心を落ち着けるためにリダン様から視線を逸らしてみても、頭の中からはリダン様が離れてくれず、結局心はざわついたままです。
それから少しの間自分の頭の中と格闘しましたが、どうすることもできなかったので諦めて現状に身を委ねることにしました。
心がざわつくとは言っても胸が高鳴っているような感覚なので、悪いものではないと思う事にします。
思えば、ここ最近はいつもリダン様の事ばかり考えていた気がします。そして、その度に頭の中で葛藤を繰り返していました。
そしてそんな時、いつも頭の中に父の言葉がよぎりました。
『人を愛し、人から愛される人間になってほしい』
父は昔から良く私にそう言いました。
身内としての贔屓目が入っているかもしれませんが、私の父と母は領民の方々を始めとした多くの方々に慕われていると思います。そして、父と母もその方々をとても大切に思っていると思います。
幼い頃からそんな両親を見て育った私は、自然と自分自身もそんな人間になりたいと考えるようになりました。
だから私は両親のようになるにはどうしたら良いのかと父に聞きました。すると父は『人に寄り添える優しい人間になりなさい』と言いました。

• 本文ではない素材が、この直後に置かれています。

(* Let $\mathbb K$ be an infinite field, $\mathcal N$ a vector space over $\mathbb K$, and $f:(\mathbb K^d)_{\mathrm{nc}}\to\mathcal N_{\mathrm{nc}}$ a nc function such that for each $n$, $f(X_1,\dots,X_d)$ is a polynomial function of degree $L_n$ in the $dn^2$ commuting variables $(X_i)_{jk}$ ($i=1,\dots,d$; $j,k=1,\dots,n$) with values in $\mathcal N^{n\times n}$ (with the convention $\deg0=-\infty$). Then there exists a unique sequence of homogeneous nc polynomials $f_j\in\mathcal N\langle x_1,\dots,x_d\rangle$ of degree $j$, $j=0,1,\dots$, such that for all $n\in\mathbb N$: $f_j$ vanishes on $(\mathbb K^{n\times n})^d$ for all $j>L_n$; if $L_n>-\infty$ then $f_{L_n}$ does not vanish identically on $(\mathbb K^{n\times n})^d$; and for $X\in(\mathbb K^{n\times n})^d$, $$f(X)=\sum_{j=0}^\infty f_j(X)=\sum_{j=0}^{L_n}f_j(X).$$
   Context: $n\times n$ matrices over $\mathbb K^d$ are identified with $d$-tuples $X=(X_1,\dots,X_d)$ of $n\times n$ matrices over $\mathbb K$; $(\mathbb K^d)_{\mathrm{nc}}=\coprod_n(\mathbb K^{n\times n})^d$, $\mathcal N_{\mathrm{nc}}=\coprod_n\mathcal N^{n\times n}$. A nc function $f$ satisfies $f((\mathbb K^{n\times n})^d)\subseteq\mathcal N^{n\times n}$, $f(X\oplus Y)=f(X)\oplus f(Y)$ (componentwise block diagonal direct sums), and $f(SXS^{-1})=Sf(X)S^{-1}$ for invertible $S\in\mathbb K^{n\times n}$. $\mathcal G_d$ is the free monoid on $g_1,\dots,g_d$; for $w=g_{i_1}\cdots g_{i_\ell}$, $|w|=\ell$, $x^w=x_{i_1}\cdots x_{i_\ell}$, $X^w=X_{i_1}\cdots X_{i_\ell}$. A homogeneous nc polynomial of degree $j$ with coefficients in $\mathcal N$ is a finite formal sum $p=\sum_{|w|=j}p_wx^w$ with $p_w\in\mathcal N$ (possibly all zero); it is evaluated by $p(X)=\sum_{|w|=j}X^wp_w\in\mathcal N^{n\times n}$, where $(X^wp_w)_{ab}=(X^w)_{ab}p_w$. *)

From HB Require Import structures.
From mathcomp Require Import all_boot all_order all_algebra.
Set Implicit Arguments. Unset Strict Implicit. Unset Printing Implicit Defensive.
Import Order.TTheory GRing.Theory Num.Theory.
Local Open Scope ring_scope.

Section NC.
Variables (K : fieldType) (N : lmodType K) (d : nat).

Definition infinite_field : Prop := forall s : seq K, exists x : K, x \notin s.

(* A d-tuple of n x n matrices over K, i.e. an n x n matrix over K^d. *)
Definition tup (n : nat) := 'I_d -> 'M[K]_n.

Definition ncfun := forall n : nat, tup n -> 'M[N]_n.

Definition lactmx n (S : 'M[K]_n) (A : 'M[N]_n) : 'M[N]_n :=
  \matrix_(i, j) \sum_(k < n) S i k *: A k j.
Definition ractmx n (A : 'M[N]_n) (T : 'M[K]_n) : 'M[N]_n :=
  \matrix_(i, j) \sum_(k < n) T k j *: A i k.

Definition nc_function (f : ncfun) : Prop :=
  (forall n m (X : tup n) (Y : tup m),
      f (n + m)%N (fun i => block_mx (X i) 0 0 (Y i)) = block_mx (f n X) 0 0 (f m Y))
  /\ (forall n (X : tup n) (S : 'M[K]_n), S \in unitmx ->
      f n (fun i => S *m X i *m invmx S) = lactmx S (ractmx (f n X) (invmx S))).

(* Commutative monomials in the d n^2 variables (X_i)_{jk}, with exponents <= D. *)
Definition cmon (n D : nat) := {ffun 'I_d * 'I_n * 'I_n -> 'I_D.+1}.
Definition cmon_deg n D (m : cmon n D) : nat := (\sum_v (m v : nat))%N.
Definition cmon_eval n D (m : cmon n D) (X : tup n) : K :=
  \prod_v (X v.1.1 v.1.2 v.2) ^+ (m v).

Definition poly_le n (g : tup n -> 'M[N]_n) (D : nat) : Prop :=
  exists c : cmon n D -> 'M[N]_n, forall X : tup n,
    g X = \matrix_(a, b) \sum_(m : cmon n D | (cmon_deg m <= D)%N) cmon_eval m X *: c m a b.

(* Degree <= D, with D = None standing for -oo (the zero function). *)
Definition poly_le_opt n (g : tup n -> 'M[N]_n) (D : option nat) : Prop :=
  match D with None => forall X, g X = 0 | Some l => poly_le g l end.

(* g has degree exactly L (L = None means deg = -oo, i.e. g = 0). *)
Definition poly_deg n (g : tup n -> 'M[N]_n) (L : option nat) : Prop :=
  match L with
  | None => forall X, g X = 0
  | Some l => poly_le g l /\
      ~ poly_le_opt g (if l is l'.+1 then Some l' else None)
  end.

(* Homogeneous nc polynomial of degree j with coefficients in N:
   a coefficient p_w for each word w of length j in g_1..g_d. *)
Definition hncpoly (j : nat) := j.-tuple 'I_d -> N.

Definition word_eval n j (w : j.-tuple 'I_d) (X : tup n) : 'M[K]_n :=
  \big[mulmx/1%:M]_(i <- w) X i.

Definition hnc_eval j (p : hncpoly j) n (X : tup n) : 'M[N]_n :=
  \matrix_(a, b) \sum_(w : j.-tuple 'I_d) word_eval w X a b *: p w.

Definition hnc_vanishes j (p : hncpoly j) n : Prop :=
  forall X : tup n, hnc_eval p X = 0.

(* number of terms in sum_{j=0}^{L}: L+1, or 0 when L = -oo *)
Definition obound (L : option nat) : nat := if L is Some l then l.+1 else 0%N.

Definition nc_decomp (f : ncfun) (L : nat -> option nat)
    (fs : forall j, hncpoly j) : Prop :=
  forall n : nat,
    (forall j, (obound (L n) <= j)%N -> hnc_vanishes (fs j) n)
    /\ (forall l, L n = Some l -> ~ hnc_vanishes (fs l) n)
    /\ (forall X : tup n, f n X = \sum_(j < obound (L n)) hnc_eval (fs j) X).

End NC.

(* The coefficients of f are read off at one universal point.  For the words of
   length at most m, let Lambda be the d-tuple of left shifts e_w |-> e_(g_i w) on
   their span; the entry (w, empty word) of f(Lambda) is the coefficient of x^w.
   If T Lambda_i = Z_i T, conjugating Z (+) Lambda by [[1, T], [0, 1]] gives
   T f(Lambda) = f(Z) T, and taking T with columns Z^w e_c expresses f(Z) through
   these coefficients whenever all words of length m+1 vanish at Z.  For a general
   X the intertwining fails only on words of length m; replacing X by sX and T by
   s^(-m-1) T makes the defect independent of s, and since f has degree at most m
   and K is infinite, comparing the coefficients of the powers of s removes it.
   Uniqueness: scaling separates the homogeneous degrees, and evaluation at Lambda
   recovers the coefficients of a homogeneous nc polynomial. *)

From HB Require Import structures.
From mathcomp Require Import all_boot all_order all_algebra.
From Stdlib Require Import FunctionalExtensionality.
From mathcomp Require Import zify ring.
Set Implicit Arguments. Unset Strict Implicit. Unset Printing Implicit Defensive.
Import Order.TTheory GRing.Theory Num.Theory.
Local Open Scope ring_scope.

Lemma big_nat_partition (V : zmodType) (I : finType) (P : pred I) (g : I -> nat)
    M (F : I -> V) :
  (forall x, P x -> g x < M)%N ->
  \sum_(x | P x) F x = \sum_(i < M) \sum_(x | P x && (g x == i)) F x.
Proof.
move=> gP; symmetry.
under eq_bigr do rewrite big_mkcond.
rewrite exchange_big /= [RHS]big_mkcond; apply: eq_bigr => x _.
case Px: (P x) => /=; last by rewrite big1.
rewrite (bigD1 (Ordinal (gP x Px))) //= eqxx big1 ?addr0 // => i ne.
by case: eqP => // gx; case/eqP: ne; apply: val_inj.
Qed.

Section Words.
Variables (K : fieldType) (d : nat).

Definition word_mx n (w : seq 'I_d) (X : tup K d n) : 'M[K]_n :=
  \big[mulmx/1%:M]_(i <- w) X i.

Lemma word_mx_nil n (X : tup K d n) : word_mx [::] X = 1%:M.
Proof. exact: big_nil. Qed.

Lemma word_mx_cons n i w (X : tup K d n) : word_mx (i :: w) X = X i *m word_mx w X.
Proof. exact: big_cons. Qed.
(* The [B] whose preimage is traced on [D] by a set of [<<s GT >>] form a
   sigma-algebra. *)
Lemma trace_preimage_gen (T U : Type) (GT : set (set T)) (GU : set (set U))
    (D : set T) (f : T -> U) :
  (forall B, GU B -> exists B', <<s GT >> B' /\ D `&` f @^-1` B = D `&` B') ->
  forall B, <<s GU >> B -> exists B', <<s GT >> B' /\ D `&` f @^-1` B = D `&` B'.
Proof.
move=> f_gen; pose good B := exists B', <<s GT >> B' /\ D `&` f @^-1` B = D `&` B'.
have goodE B B' : D `&` f @^-1` B = D `&` B' -> forall t, D t -> B (f t) <-> B' t.
  move=> E t Dt; split=> Bt.
    by have [] : (D `&` B') t by rewrite -E.
  by have [] : (D `&` f @^-1` B) t by rewrite E.
suff : <<s GU >> `<=` good by apply.
apply: smallest_sub => //; split.
- exists set0; split; first exact: sigma_algebra0.
  by apply/seteqP; split=> t [].
- move=> B [B' [GB' E]]; exists (setT `\` B'); split; first exact: sigma_algebraCD.
  apply/seteqP; split=> t [Dt [_ nBt]]; split=> //; split=> // Bt; apply: nBt.
    exact/(goodE _ _ E).
  exact/(goodE _ _ E).
- move=> Bn goodBn; have [Bn' Bn'E] := choice goodBn.
  exists (\bigcup_n Bn' n); split; first by apply: sigma_algebra_bigcup => n; case: (Bn'E n).
  apply/seteqP; split=> t [Dt [n _ Bnt]]; split=> //; exists n => //.
    exact/(goodE _ _ (Bn'E n).2).
  exact/(goodE _ _ (Bn'E n).2).
Qed.

Lemma to_prod_borel (C A : countZmodType) (B : set (prodspace C A)) : borelP B ->
  exists B', borel1 B' /\ @Bw C A `&` @to_prod C A @^-1` B = @Bw C A `&` B'.
Proof.
apply: trace_preimage_gen => _ [q [x [y [a ->]]]].
exists [set c | pnormalize c (val q) (val x) (val y) = val a]; split.
  exact: (borel1_fin_determined _ (fin_determined_pnormalize _ _ _ _)).
apply/seteqP; split=> c [cB /= E]; split=> //=.
  by rewrite -val_to_prod // E.
by apply: val_inj; rewrite val_to_prod.
Qed.

Unset Implicit Arguments.

Theorem lemma4p6 (C A : countZmodType) (HC : torsion C) :
  borel_def_iso (@add1 C A) (@sub1 C A) (@addP C A) (@subP C A)
    (@borel1 C A) (@borelP C A)
    (@Bw C A) (@Bc C A) (@prodBw C A) (@prodBc C A).
Proof.
exists (@to_prod C A); split.
- by move=> c; apply: to_prod_Bw.
- exact: to_prod_borel.
- by move=> c d cB dB /(to_prod_Bc cB dB).
- by move=> c d cB dB; apply: to_prodD.
split=> [c d cB dB | F FB]; first exact: (to_prod_inj HC).
exact: (to_prod_surj HC).
Qed.
(* Let $n\ge 2$ and let $\Delta'$ be the simplicial complex on the vertex set $\{(i,j)\in[n]^2: i\ne j\}$ whose faces are the sets $F$ such that $\prod_{(i,j)\in F}x_{ij}\notin H(2,n)$, where $H(2,n)$ is as described in the context. Order the facets of $\Delta'$ as follows: if $F$ is a facet of $\Delta_R$ and $G$ is a facet of $\Delta_S$, then $F<G$ iff $R<S$ in the order on subsets described in the context, or $R=S$ and $F<G$ in the standard order of paths of the grid $R\times([n]\setminus R)$. Then this total order is a two-way shelling of $\Delta'$ (both it and its reverse are shellings). More precisely, for every facet $F$ of $\Delta'$ that is not the minimal facet, $$\langle F\rangle\cap\langle G: G<F\rangle=\langle F\setminus\{x\}: x\in F^-\rangle,$$ and for every facet $F$ that is not the maximal facet, $$\langle F\rangle\cap\langle G: G>F\rangle=\langle F\setminus\{x\}: x\in F^+\rangle.$$
   Context: $H(2,n)\subset K[x_{ij}:1\le i,j\le n]$ is the monomial ideal generated by, for all $i<h$ and $j<k$: $x_{ik}x_{hj}$ whenever $i=j$ or $h=k$, and $x_{ij}x_{hk}$ whenever $i\ne j$ and $h\ne k$. For sets $F_1,\dots,F_k$, $\langle F_1,\dots,F_k\rangle$ denotes the smallest simplicial complex containing them. For a nonempty proper subset $R\subset[n]$, $\Delta_R=\{F\in\Delta': F\subseteq R\times([n]\setminus R)\}$. Write $R=\{r_1<\dots<r_p\}$, $[n]\setminus R=\{c_1<\dots<c_{q}\}$ and view $R\times([n]\setminus R)$ as a grid with row $r_1$ on top and column $c_1$ on the left. A path in this grid is a sequence of positions starting at $(r_p,c_1)$ (bottom left) and ending at $(r_1,c_q)$ (top right), each step going either horizontally right ($(r_a,c_b)\to(r_a,c_{b+1})$) or vertically up ($(r_a,c_b)\to(r_{a-1},c_b)$). It is a fact (established in the paper) that the facets of $\Delta_R$ are exactly these paths, and every facet of $\Delta'$ is a facet of $\Delta_R$ for exactly one $R$. Types of points of a path $F$: a point is a left turn if the step into it is horizontal and the step out of it is vertical; a right turn if the step into it is vertical and the step out is horizontal; every other point is the only point of $F$ in its column (type $\bullet$) or the only point of $F$ in its row (type $\circ$) (if both hold, i.e. the grid is $1\times1$, the point is regarded as type $\bullet$). Order on nonempty proper subsets written as increasing sequences: $S=\{a_1<\dots<a_s\}<R=\{b_1<\dots<b_t\}$ iff either $a_j<b_j$ for the smallest $j$ with $a_j\ne b_j$, or $s<t$ and $a_i=b_i$ for $i=1,\dots,s$. Standard order of paths in a fixed grid: $F<G$ iff at the first step (going from bottom left to top right) where they differ, the step of $F$ is vertical (and that of $G$ horizontal). For a facet $F$ of $\Delta_R$: $F^-$ consists of the left turns of $F$, the points of type $\bullet$ whose column index is $<\max(R)$, and the points of type $\circ$ whose row index is $\max(R)$; $F^+=F\setminus F^-$. *)

From HB Require Import structures.
From mathcomp Require Import all_boot all_order all_algebra.
From mathcomp Require Import mpoly.
Set Implicit Arguments.
Unset Strict Implicit.
Unset Printing Implicit Defensive.
Import GRing.Theory.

私は父の教えの通り、人に優しく接するようになりました。周囲に気を配り、困っている方がいれば話を聞き、親身に寄り添い、少しでも誰かの助けになれるように心掛けました。
私がそうしていると、お屋敷で働いている方々やリグレクト領の領民の方々が『イヴは優しくて良い子』だと言ってくれるようになりました。両親も、そんな評判を受けて『イヴは自慢の娘』だと言ってくれました。
私はそれが嬉しくて、それまで以上に周囲に気を配るようになりました。
とは言っても、私は決して打算的な考えだけで人に接していたわけではありません。
初めのうちは両親のようになりたいという気持ちから人に優しく接していましたが、そうしている中で私は人の為に何かをすることに喜びを感じるようになりました。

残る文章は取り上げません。